Exercise instructions: Only the lines from the one containing "End Calculus." through the final line of the material below should be output, exactly as they stand.

*** Begin section ***

Lemma is_derive_0_is_cst_in (R : realType) (g : R -> R) (a c t1 t2 : R) :
  (forall t, a < t < c -> is_derive t 1 g 0) -> a < t1 < c -> a < t2 < c ->
  g t1 = g t2.
Proof.
move=> g'0; wlog le12 : t1 t2 / t1 <= t2.
  by move=> sym ht1 ht2; case: (leP t1 t2) => [|/ltW] le; [exact: sym|exact/esym/sym].
move=> /andP[at1 t1c] /andP[at2 t2c].
have g'0_in x : x \in `[t1, t2] -> is_derive x 1 g 0.
  by rewrite in_itv /= => /andP[t1x xt2]; apply: g'0; apply/andP; split; lra.
have g_cont : {within `[t1, t2], continuous g}%classic.
  apply: continuous_in_subspaceT => x /[1!inE] /g'0_in g'x.
  exact/differentiable_continuous/derivable1_diffP/(ex_derive (is_derive:=g'x)).
have [x _] := MVT_segment le12 (fun x xin => g'0_in x (subset_itv_oo_cc xin)) g_cont.
by rewrite mul0r => /eqP; rewrite subr_eq0 => /eqP.
Qed.

Section Calculus.
Variables (R : realType) (n : nat).
Notation V := 'rV[R]_n.
Implicit Types (g : V -> R) (x v : V) (t : R).

Lemma deriveE_dpair g x v : differentiable g x -> 'D_v g x = dpair v (Dgrad g x).
Proof.
move=> dg; rewrite deriveE // {1}[v]row_sum_delta linear_sum.
by apply: eq_bigr => i _; rewrite linearZ /= -deriveE // mxE.
Qed.

Lemma is_derive_comp_Dgrad g (c : R -> V) t x dc :
  c t = x -> differentiable g x -> is_derive t 1 c dc ->
  is_derive t 1 (g \o c) (dpair dc (Dgrad g x)).
Proof.
move=> <- dg dc_t.
have dc' : differentiable c t.
  by apply/derivable1_diffP; exact: (ex_derive (is_derive:=dc_t)).
have dgc : differentiable (g \o c) t by exact: differentiable_comp.
apply: DeriveDef; first exact/derivable1_diffP.
rewrite deriveE // diff_comp //= -deriveE //.
by rewrite -(deriveE _ dc') (derive_val (is_derive:=dc_t)) deriveE_dpair.
Qed.

Lemma is_derive_line x v t : is_derive t 1 (fun s : R => x + s *: v) v.
Proof.
have hs : is_derive t 1 ( *:%R ^~ v : R -> V) v.
  have dv := is_diff_scalel t v.
  apply: DeriveDef; first exact/diff_derivable/ex_diff.
  by rewrite deriveE ?(ex_diff dv) // diff_val /= scale1r.
by have := is_deriveD (is_derive_cst x t 1) hs; rewrite add0r.
Qed.

Lemma derive_line g x v : 'D_v g x = 'D_1 (fun t : R => g (x + t *: v)) 0.
Proof.
rewrite /derive; congr (lim ((_ @ 0^')%classic)); apply/funext => h /=.
by rewrite scale0r !addr0 [h *: 1]mulr1 [h *: v + x]addrC.
Qed.

Lemma is_derive_row_coord (c : R -> V) t dc k :
  is_derive t 1 c dc -> is_derive t 1 (fun s => c s 0 k) (dc 0 k).
Proof.
move=> dc_t; have ec := ex_derive (is_derive:=dc_t).
apply: DeriveDef; first exact: (derivable_mxP c t 1).1.
by rewrite -(derive_val (is_derive:=dc_t)) derive_mx // mxE.
Qed.

Lemma is_derive_scalel (phi : R -> R) (w : V) t dphi :
  is_derive t 1 phi dphi -> is_derive t 1 (fun s => phi s *: w) (dphi *: w).
Proof.
move=> dphi_t; have dp : differentiable phi t.
  by apply/derivable1_diffP; exact: (ex_derive (is_derive:=dphi_t)).
have dpw := differentiableZl w dp.
apply: DeriveDef; first exact/derivable1_diffP.
by rewrite deriveE // diffZl // -deriveE // derive_val.
Qed.

Lemma DgradZ g k x : differentiable g x -> Dgrad (fun y => k * g y) x = k *: Dgrad g x.
Proof.
move=> dg; apply/rowP => i; rewrite !mxE.
by rewrite -[fun y => _]/(k \*: g) deriveZ //; exact: diff_derivable.
Qed.

End Calculus.

Definition bilinear_map (R : realType) (n : nat) (m : 'rV[R]_n -> 'rV[R]_n -> 'rV[R]_n) :=
  (forall a x y z, m (a *: x + y) z = a *: m x z + m y z) /\
  (forall a x y z, m z (a *: x + y) = a *: m z x + m z y).

Section Bilinear.
Variables (R : realType) (n : nat).
Notation V := 'rV[R]_n.
Variable m : V -> V -> V.
Hypothesis mbil : bilinear_map m.
Implicit Types (a x y z : V) (k : R).

Lemma bilinDl x y z : m (x + y) z = m x z + m y z.
Proof. by have := mbil.1 1 x y z; rewrite !scale1r. Qed.

Lemma bilinDr x y z : m z (x + y) = m z x + m z y.
Proof. by have := mbil.2 1 x y z; rewrite !scale1r. Qed.

Lemma bilin0l z : m 0 z = 0.
Proof. by apply: (addrI (m 0 z)); rewrite -bilinDl !addr0. Qed.

Lemma bilin0r z : m z 0 = 0.
Proof. by apply: (addrI (m z 0)); rewrite -bilinDr !addr0. Qed.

*** End section ***

Task response:
End Calculus.

Definition bilinear_map (R : realType) (n : nat) (m : 'rV[R]_n -> 'rV[R]_n -> 'rV[R]_n) :=
  (forall a x y z, m (a *: x + y) z = a *: m x z + m y z) /\
  (forall a x y z, m z (a *: x + y) = a *: m z x + m z y).

Section Bilinear.
Variables (R : realType) (n : nat).
Notation V := 'rV[R]_n.
Variable m : V -> V -> V.
Hypothesis mbil : bilinear_map m.
Implicit Types (a x y z : V) (k : R).

Lemma bilinDl x y z : m (x + y) z = m x z + m y z.
Proof. by have := mbil.1 1 x y z; rewrite !scale1r. Qed.

Lemma bilinDr x y z : m z (x + y) = m z x + m z y.
Proof. by have := mbil.2 1 x y z; rewrite !scale1r. Qed.

Lemma bilin0l z : m 0 z = 0.
Proof. by apply: (addrI (m 0 z)); rewrite -bilinDl !addr0. Qed.

Lemma bilin0r z : m z 0 = 0.
Proof. by apply: (addrI (m z 0)); rewrite -bilinDr !addr0. Qed.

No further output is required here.